He was an original co-sponsor of the abortion ban but he asked to have his
name taken off of it once an exemption was added to spare rape victims and
incest victims from the ban. He was so outraged by those protections for
rape victims and incest victims that he asked his name be taken off the
bill in disgust. Interesting note, though, turns out that`s actually a
hard thing to do. Been having a really hard time getting his name taken
off the bill. He did vote against it today.

That whole kerfuffle has been overshadowed today by the latest genius
Republican man comments on the issue of abortion. This time, it came from
Texas Congressman Michael Burgess.

(BEGIN VIDEO CLIP)

REP. MICHAEL BURGESS (R), TEXAS: We should be setting this at 15 weeks, 16
weeks. Watch a sonogram at a 15-week baby and they have movements that are
purposeful. They stroke their face. If they`re a male baby, they may have
their hand between their legs. They feel pleasure. Why is it so hard to
think they could feel pain?

(END VIDEO CLIP)

MADDOW: It is one thing to be a random Texas Congressman Michael Burgess
saying that we should set laws for everybody in the whole country based on
when he thinks fetuses masturbate -- male fetuses only. It`s one thing to
be a random Texas congressman. Hey, your district likes you, you know?

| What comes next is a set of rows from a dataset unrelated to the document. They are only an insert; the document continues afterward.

(* Let $\mathcal G$ be the group of unitaries on $n$ qubits generated by $\{P_i, Z_{\{i,j\}}, X_{[ij]}\mid 0\le i,j\le n-1,\ i\ne j\}$, let $\mathcal N$ be its subgroup generated by $\{P_i,Z_{\{i,j\}}\}$ and $\mathcal X$ its subgroup generated by $\{X_{[ij]}\}$. Then every element of $\mathcal G$ admits a unique decomposition of the form $$Z_{\mathbf v}\,P_{\mathbf b}\,Z_{\mathbf B}\,X_{\mathbf A},$$ with $\mathbf v,\mathbf b\in\mathbb F_2^n$, $\mathbf B\in\mathcal B_n$, $\mathbf A\in GL_n(\mathbb F_2)$. Moreover $\mathcal G=\mathcal N\rtimes\mathcal X$ is the semidirect product of its normal subgroup $\mathcal N$ with $\mathcal X$, and the order of $\mathcal G$ is $2^{n(n+1)}\prod_{i=1}^n(2^i-1)$.
   Context: Qubits are labelled $0,\dots,n-1$; the computational basis of $(\mathbb C^2)^{\otimes n}$ is $\{|x\rangle : x\in\mathbb F_2^n\}$, $\mathrm{i}=\sqrt{-1}$. $P_i$ is the phase gate $\mathrm{diag}(1,\mathrm{i})$ on qubit $i$; for $\mathbf b\in\mathbb F_2^n$, $P_{\mathbf b}=\prod_iP_i^{b_i}$, so $P_{\mathbf b}|x\rangle=\mathrm{i}^{\sum_ib_ix_i}|x\rangle$ (integer sum). $Z_{\mathbf v}|x\rangle=(-1)^{\sum_iv_ix_i}|x\rangle$. For $\mathbf A\in GL_n(\mathbb F_2)$, $X_{\mathbf A}|x\rangle=|\mathbf Ax\rangle$; for $i\ne j$, $[ij]=\mathbf I+\mathbf E_{ij}$ ($\mathbf E_{ij}$ having a single 1 at entry $(i,j)$) and $X_{[ij]}$ is the CNOT gate with target $i$ and control $j$. $\mathcal B_n$ is the set of symmetric $n\times n$ matrices over $\mathbb F_2$ with zero diagonal; for $\mathbf B\in\mathcal B_n$, $Z_{\mathbf B}|x\rangle=(-1)^{\sum_{i<j}b_{ij}x_ix_j}|x\rangle$, and $Z_{\{i,j\}}$ is the CZ gate, i.e. $Z_{\mathbf B}$ for the matrix $\mathbf B$ whose only ones are at entries $(i,j)$ and $(j,i)$. *)

From HB Require Import structures.
From mathcomp Require Import all_boot all_order all_algebra all_field.
Set Implicit Arguments. Unset Strict Implicit. Unset Printing Implicit Defensive.
Import Order.TTheory GRing.Theory Num.Theory.
Local Open Scope ring_scope.

(* Computational basis labels: x in F_2^n, as column vectors. *)
Definition bits (n : nat) := 'cV['F_2]_n.

(* Index set of the computational basis; operators on (C^2)^{\otimes n}
   are matrices indexed by 'I_#|bits n|, basis index k <-> enum_val k. *)
Definition dim (n : nat) := #|{: bits n}|.
Definition op_t (n : nat) := 'M[algC]_(dim n).

Definition bit (n : nat) (x : bits n) (i : 'I_n) : nat := val (x i ord0).

(* The monomial operator |x> |-> c x |f x>. *)
Definition monop (n : nat) (f : bits n -> bits n) (c : bits n -> algC) : op_t n :=
  \matrix_(k, l) (if enum_val k == f (enum_val l) then c (enum_val l) else 0).

(* P_b |x> = i^{sum_i b_i x_i} |x>  (integer sum) *)
Definition Pgate (n : nat) (b : bits n) : op_t n :=
  monop id (fun x => 'i ^+ (\sum_(i < n) bit b i * bit x i)%N).

Definition Zgate (n : nat) (v : bits n) : op_t n :=
  monop id (fun x => (-1) ^+ (\sum_(i < n) bit v i * bit x i)%N).

Definition Bset (n : nat) (B : 'M['F_2]_n) : Prop :=
  B^T = B /\ forall i, B i i = 0.

Definition ZBgate (n : nat) (B : 'M['F_2]_n) : op_t n :=
  monop id (fun x => (-1) ^+ (\sum_(i < n) \sum_(j < n | (i < j)%N)
                                 val (B i j) * bit x i * bit x j)%N).

Definition Xgate (n : nat) (A : 'M['F_2]_n) : op_t n :=
  monop (fun x => A *m x) (fun _ => 1).

Definition Pi (n : nat) (i : 'I_n) : op_t n := Pgate (delta_mx i ord0).
Definition CZ (n : nat) (i j : 'I_n) : op_t n := ZBgate (delta_mx i j + delta_mx j i).
Definition CNOT (n : nat) (i j : 'I_n) : op_t n := Xgate (1%:M + delta_mx i j).

Inductive gen (n : nat) (S : op_t n -> Prop) : op_t n -> Prop :=
| gen_one : gen S 1%:M
| gen_base U : S U -> gen S U
| gen_mul U V : gen S U -> gen S V -> gen S (U *m V)
| gen_inv U : gen S U -> gen S (invmx U).

Definition Gens (n : nat) (U : op_t n) : Prop :=
  (exists i, U = Pi i) \/ (exists i j, i != j /\ U = CZ i j) \/
  (exists i j, i != j /\ U = CNOT i j).
Definition NGens (n : nat) (U : op_t n) : Prop :=
  (exists i, U = Pi i) \/ (exists i j, i != j /\ U = CZ i j).
Definition XGens (n : nat) (U : op_t n) : Prop :=
  exists i j, i != j /\ U = CNOT i j.

Definition Ggrp (n : nat) := gen (@Gens n).
Definition Ngrp (n : nat) := gen (@NGens n).
Definition Xgrp (n : nat) := gen (@XGens n).

Definition semidirect (n : nat) (G N X : op_t n -> Prop) : Prop :=
  [/\ (forall U, N U -> G U), (forall U, X U -> G U),
      (forall g U, G g -> N U -> N (invmx g *m U *m g)),
      (forall U, N U -> X U -> U = 1%:M)
    & (forall g, G g -> exists U V, [/\ N U, X V & g = U *m V])].

From HB Require Import structures.
From mathcomp Require Import all_boot all_order all_algebra all_field.
From mathcomp Require Import ring zify.
Import Order.TTheory GRing.Theory Num.Theory.
Local Open Scope ring_scope.
Set Implicit Arguments. Unset Strict Implicit. Unset Printing Implicit Defensive.

(* Every generator, hence every element of G, is a monomial operator
   |x> |-> c(x) |Ax> with A invertible and c a quadratic phase: c(0) = 1 and
   c(x + y) = c(x) c(y) (-1)^(x^T M y) for a symmetric M over F_2, a class
   closed under products and inverses.  The phase of Z_v P_b Z_B is the
   quadratic phase whose form has diagonal b and off-diagonal part B; conversely
   a quadratic phase determines its form, hence b and B, and then v through its
   values on the basis vectors.  So the elements of G are exactly the pairwise
   distinct Z_v P_b Z_B X_A, those of N are the ones with A = 1, and those of X
   are the X_A, because GL_n(F_2) is generated by the transvections [ij]
   (Gaussian elimination).  Normality of N follows since conjugating a diagonal
   quadratic phase by a monomial operator gives again a diagonal quadratic phase,
   and counting the normal forms gives 2^n 2^n 2^C(n,2) |GL_n(F_2)|. *)

Lemma F2P (a : 'F_2) : a = 0 \/ a = 1.
Proof. by case: a => [[|[|k]] Hk] //; [left|right]; apply/eqP. Qed.

Lemma addF2xx (a : 'F_2) : a + a = 0.
Proof. exact: (addrr_pchar2 (pchar_Fp (isT : prime 2))). Qed.

Definition sgn (a : 'F_2) : algC := (-1) ^+ val a.

Lemma sgn0 : sgn 0 = 1. Proof. by []. Qed.

Lemma sgn1 : sgn 1 = -1. Proof. exact: expr1. Qed.

Lemma sgnD a b : sgn (a + b) = sgn a * sgn b.
Proof.
case: (F2P a) => ->; first by rewrite add0r sgn0 mul1r.
case: (F2P b) => ->; first by rewrite addr0 sgn0 mulr1.
by rewrite addF2xx sgn0 sgn1 mulrNN mulr1.
Qed.

Lemma sgn_sum (I : Type) (r : seq I) (P : pred I) (F : I -> 'F_2) :
  sgn (\sum_(i <- r | P i) F i) = \prod_(i <- r | P i) sgn (F i).
Proof. exact: (big_morph _ sgnD sgn0). Qed.

Lemma sgnK a : sgn a * sgn a = 1.
Proof. by rewrite -sgnD addF2xx. Qed.

Lemma sgn_inj : injective sgn.
Proof.
have N1_neq1 : (-1 : algC) != 1.
  by rewrite -subr_eq0 -opprD oppr_eq0 -(natrD _ 1 1) pnatr_eq0.
move=> a b; case: (F2P a) => ->; case: (F2P b) => -> //; rewrite sgn0 sgn1 => /eqP.
  by rewrite eq_sym (negbTE N1_neq1).
by rewrite (negbTE N1_neq1).
Qed.

Lemma expN1_sgn (k : nat) : (-1) ^+ k = sgn k%:R :> algC.
Proof. by elim: k => [//|k IH]; rewrite exprS IH mulrS sgnD sgn1 mulN1r. Qed.

Section MonomialOperators.
Variable n : nat.
Implicit Types (f g : bits n -> bits n) (c d : bits n -> algC) (A : 'M['F_2]_n).

Lemma eq_monop f f' c c' : f =1 f' -> c =1 c' -> monop f c = monop f' c'.
Proof. by move=> ef ec; apply/matrixP => k l; rewrite !mxE ef ec. Qed.

Lemma monop_mul f g c d :
  monop f c *m monop g d = monop (f \o g) (fun x => c (g x) * d x).
Proof.
apply/matrixP => k l; rewrite !mxE (bigD1 (enum_rank (g (enum_val l)))) //=.
rewrite big1 ?addr0 => [|m /negbTE Hm]; rewrite !mxE.
  by rewrite enum_rankK eqxx; case: ifP; rewrite ?mul0r.
suff -> : (enum_val m == g (enum_val l)) = false by rewrite mulr0.
by apply: contraFF Hm => /eqP <-; rewrite enum_valK.
Qed.

Lemma monop1 : monop id (fun _ => 1) = 1%:M :> op_t n.
Proof. by apply/matrixP => k l; rewrite !mxE /= (inj_eq enum_val_inj); case: eqP. Qed.

Lemma monop_inj f f' c c' : (forall x, c x != 0) ->
  monop f c = monop f' c' -> forall x, f x = f' x /\ c x = c' x.
Proof.
move=> c_neq0 E x.
have := congr1 (fun M : op_t n => M (enum_rank (f x)) (enum_rank x)) E.
rewrite /= !mxE !enum_rankK eqxx.
by case: eqP => [<- -> //|_ cx0]; move: (c_neq0 x); rewrite cx0 eqxx.
Qed.

Lemma monop_linM A A' c c' : monop (mulmx A) c *m monop (mulmx A') c' =
  monop (mulmx (A *m A')) (fun x => c (A' *m x) * c' x).
Proof. by rewrite monop_mul; apply: eq_monop => x //=; rewrite mulmxA. Qed.

Lemma monop_lin1 c : monop (mulmx 1%:M) c = monop id c.
Proof. by apply: eq_monop => x //=; rewrite mul1mx. Qed.

Lemma invmx_monop_lin A c : A \in unitmx -> (forall x, c x != 0) ->
  invmx (monop (mulmx A) c) =
  monop (mulmx (invmx A)) (fun x => (c (invmx A *m x))^-1).
Proof.
move=> uA c_neq0.
have E : monop (mulmx A) c *m monop (mulmx (invmx A)) (fun x => (c (invmx A *m x))^-1)
         = 1%:M.
  by rewrite monop_linM mulmxV // monop_lin1 -monop1; apply: eq_monop => x //=; rewrite mulfV.
by rewrite -[RHS]mul1mx -(mulVmx (proj1 (mulmx1_unit E))) -mulmxA E mulmx1.
Qed.

End MonomialOperators.

Section QuadraticPhases.
Variable n : nat.
Implicit Types (x y : bits n) (A M N : 'M['F_2]_n) (c d : bits n -> algC).

Lemma addbitsxx x : x + x = 0.
Proof. by apply/matrixP => i j; rewrite !mxE addF2xx. Qed.

Definition basis (i : 'I_n) : bits n := delta_mx i ord0.

Lemma basisE i k : basis i k ord0 = (k == i)%:R.
Proof. by rewrite mxE eqxx andbT. Qed.

Definition bform M x y : 'F_2 := (x^T *m M *m y) ord0 ord0.

Lemma bformE M x y : bform M x y = \sum_i \sum_j x i ord0 * M i j * y j ord0.
Proof.
rewrite /bform mxE [RHS]exchange_big; apply: eq_bigr => j _; rewrite mxE mulr_suml.
by apply: eq_bigr => i _; rewrite mxE.
Qed.

Lemma bform_basis M i j : bform M (basis i) (basis j) = M i j.
Proof. by rewrite /bform /basis trmx_delta -rowE -colE !mxE. Qed.

Lemma bformDl M N x y : bform (M + N) x y = bform M x y + bform N x y.
Proof. by rewrite /bform mulmxDr mulmxDl mxE. Qed.

Definition quad_phase c M : Prop :=
  c 0 = 1 /\ forall x y, c (x + y) = c x * c y * sgn (bform M x y).

Lemma quad_phase_neq0 c M : quad_phase c M -> forall x, c x != 0.
Proof.
move=> [c0 cD] x; apply: contra_eq_neq (cD x x) => cx0.
by rewrite addbitsxx c0 cx0 !mul0r oner_neq0.
Qed.

Lemma quad_phase1 : quad_phase (fun _ => 1) 0.
Proof. by split=> // x y; rewrite /bform mulmx0 mul0mx mxE sgn0 !mulr1. Qed.

Lemma quad_phaseM c d M N :
  quad_phase c M -> quad_phase d N -> quad_phase (fun x => c x * d x) (M + N).
Proof.
move=> [c0 cD] [d0 dD]; split=> [|x y]; first by rewrite c0 d0 mulr1.
by rewrite cD dD bformDl sgnD; ring.
Qed.

Lemma quad_phaseV c M : quad_phase c M -> quad_phase (fun x => (c x)^-1) M.
Proof.
move=> [c0 cD]; split=> [|x y]; first by rewrite c0 invr1.
rewrite cD !invfM; congr (_ * _).
by case: (F2P (bform M x y)) => ->; rewrite ?sgn0 ?sgn1 ?invr1 ?invrN ?invr1.
Qed.

Lemma quad_phase_lin c M A :
  quad_phase c M -> quad_phase (fun x => c (A *m x)) (A^T *m M *m A).
Proof.
move=> [c0 cD]; split=> [|x y]; first by rewrite mulmx0.
by rewrite mulmxDr cD /bform trmx_mul !mulmxA.
Qed.

Lemma quad_phase_basis_eq c d M : quad_phase c M -> quad_phase d M ->
  (forall i, c (basis i) = d (basis i)) -> c =1 d.
Proof.
move=> [c0 cD] [d0 dD] eq_cd x.
have -> : x = \sum_i x i ord0 *: basis i.
  by rewrite {1}[x]matrix_sum_delta; apply: eq_bigr => i _; rewrite big_ord1.
elim/big_rec: _ => [|i y _ IH]; first by rewrite c0 d0.
rewrite cD dD IH; congr (_ * _ * _).
by case: (F2P (x i ord0)) => ->; rewrite ?scale0r ?c0 ?d0 ?scale1r ?eq_cd.
Qed.

Lemma quad_phase_form_uniq c d M N :
  c =1 d -> quad_phase c M -> quad_phase d N -> M = N.
Proof.
move=> eq_cd Qc [_ dD]; have c_neq0 := quad_phase_neq0 Qc; have [_ cD] := Qc.
apply/matrixP => i j; rewrite -!(bform_basis _ i j); apply: sgn_inj.
have := cD (basis i) (basis j); rewrite !eq_cd dD -!eq_cd => /mulfI -> //.
by rewrite mulf_neq0.
Qed.

Lemma quad_phase_basis_sq c M i : quad_phase c M -> c (basis i) ^+ 2 = sgn (M i i).
Proof.
move=> [c0 cD]; have := cD (basis i) (basis i).
rewrite addbitsxx c0 bform_basis => /(congr1 ( *%R^~ (sgn (M i i)))).
by rewrite mul1r -mulrA sgnK mulr1 expr2.
Qed.

End QuadraticPhases.

Lemma sum_offdiag (R : nmodType) m (F : 'I_m -> 'I_m -> R) : (forall i, F i i = 0) ->
  \sum_i \sum_j F i j = \sum_(i < m) \sum_(j < m | (i < j)%N) (F i j + F j i).
Proof.
move=> F0; under [RHS]eq_bigr do rewrite big_split.
rewrite big_split /= [X in _ = _ + X](exchange_big_dep xpredT) //= -big_split.
apply: eq_bigr => i _; rewrite (bigID (fun j : 'I_m => (i < j)%N)) /=; congr (_ + _).
rewrite (bigD1 i) ?ltnn //= F0 add0r; apply: eq_bigl => j.
by rewrite -leqNgt ltn_neqAle andbC.
Qed.

Lemma imag_pow_bitD (a u w : 'F_2) :
  'i ^+ (val a * val (u + w)) =
  'i ^+ (val a * val u) * 'i ^+ (val a * val w) * sgn (u * a * w) :> algC.
Proof.
case: (F2P a) => ->; first by rewrite !mulr0 mul0r sgn0 !mulr1.
case: (F2P u) => ->; first by rewrite !add0r !mul0r sgn0 mul1r mulr1.
case: (F2P w) => ->; first by rewrite !addr0 !mulr0 sgn0 !mulr1.
by rewrite addF2xx !mulr1 sgn1 /= expr0 expr1 mulrN1 -expr2 sqrCi opprK.
Qed.

Section GatePhases.
Variable n : nat.
Implicit Types (x y v b : bits n) (B : 'M['F_2]_n).

Definition Zph v x : algC := (-1) ^+ (\sum_(i < n) bit v i * bit x i)%N.
Definition Pph b x : algC := 'i ^+ (\sum_(i < n) bit b i * bit x i)%N.
Definition ZBph B x : algC :=
  (-1) ^+ (\sum_(i < n) \sum_(j < n | (i < j)%N) val (B i j) * bit x i * bit x j)%N.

But this guy also is in charge of something. The House Republicans took
the fetal masturbation theorist and put him in charge of their subcommittee
on health. Because, hey, that`s who they got, I guess.

And honestly, with these last three or four years with the triumph of
antiabortion activism as the main policy thrust of the Republican Party,
both in federal government and in the States, I kind of felt like I had
lost the capacity to be surprised, before I heard the fetal masturbation
theory from Congressman Burgess today.

I mean, we have had amazing theories.

(BEGIN VIDEO CLIP)

RICHARD MOURDOCK (R), INDIANA SENATE CANDIDATE: Even when life begins in
that horrible situation of rape, that it is something that God intended to
happen.

FORMER REP. TODD AKIN (R), MISSOURI: If it is a legitimate rape, the
female body has ways to try to shut that whole thing down.

REP. TRENT FRANKS (R), ARIZONA: The incidence of rape resulting in
pregnancy are very low.

(END VIDEO CLIP)

MADDOW: Now, to be fair to Congressman Trent Franks there, the author of
the Republicans` abortion ban that passed the House today, to his credit,
he has tried to make clear when he said that he wasn`t making the exact
same argument as Todd Akin. He wasn`t saying effectively if you are
pregnant, then you must have wanted it, because rapes don`t cause
pregnancy.

What Congressman Franks said he s arguing is that you may be pregnant
because you were raped, but he does not care. He wants to force you into
childbirth after rape, regardless.

Even those remarks from him as the sponsor of the bill were overshadowed
today by the male fetus masturbation theorizing from Congressman Burgess.
I mean, really, have you ever seen a headline like that?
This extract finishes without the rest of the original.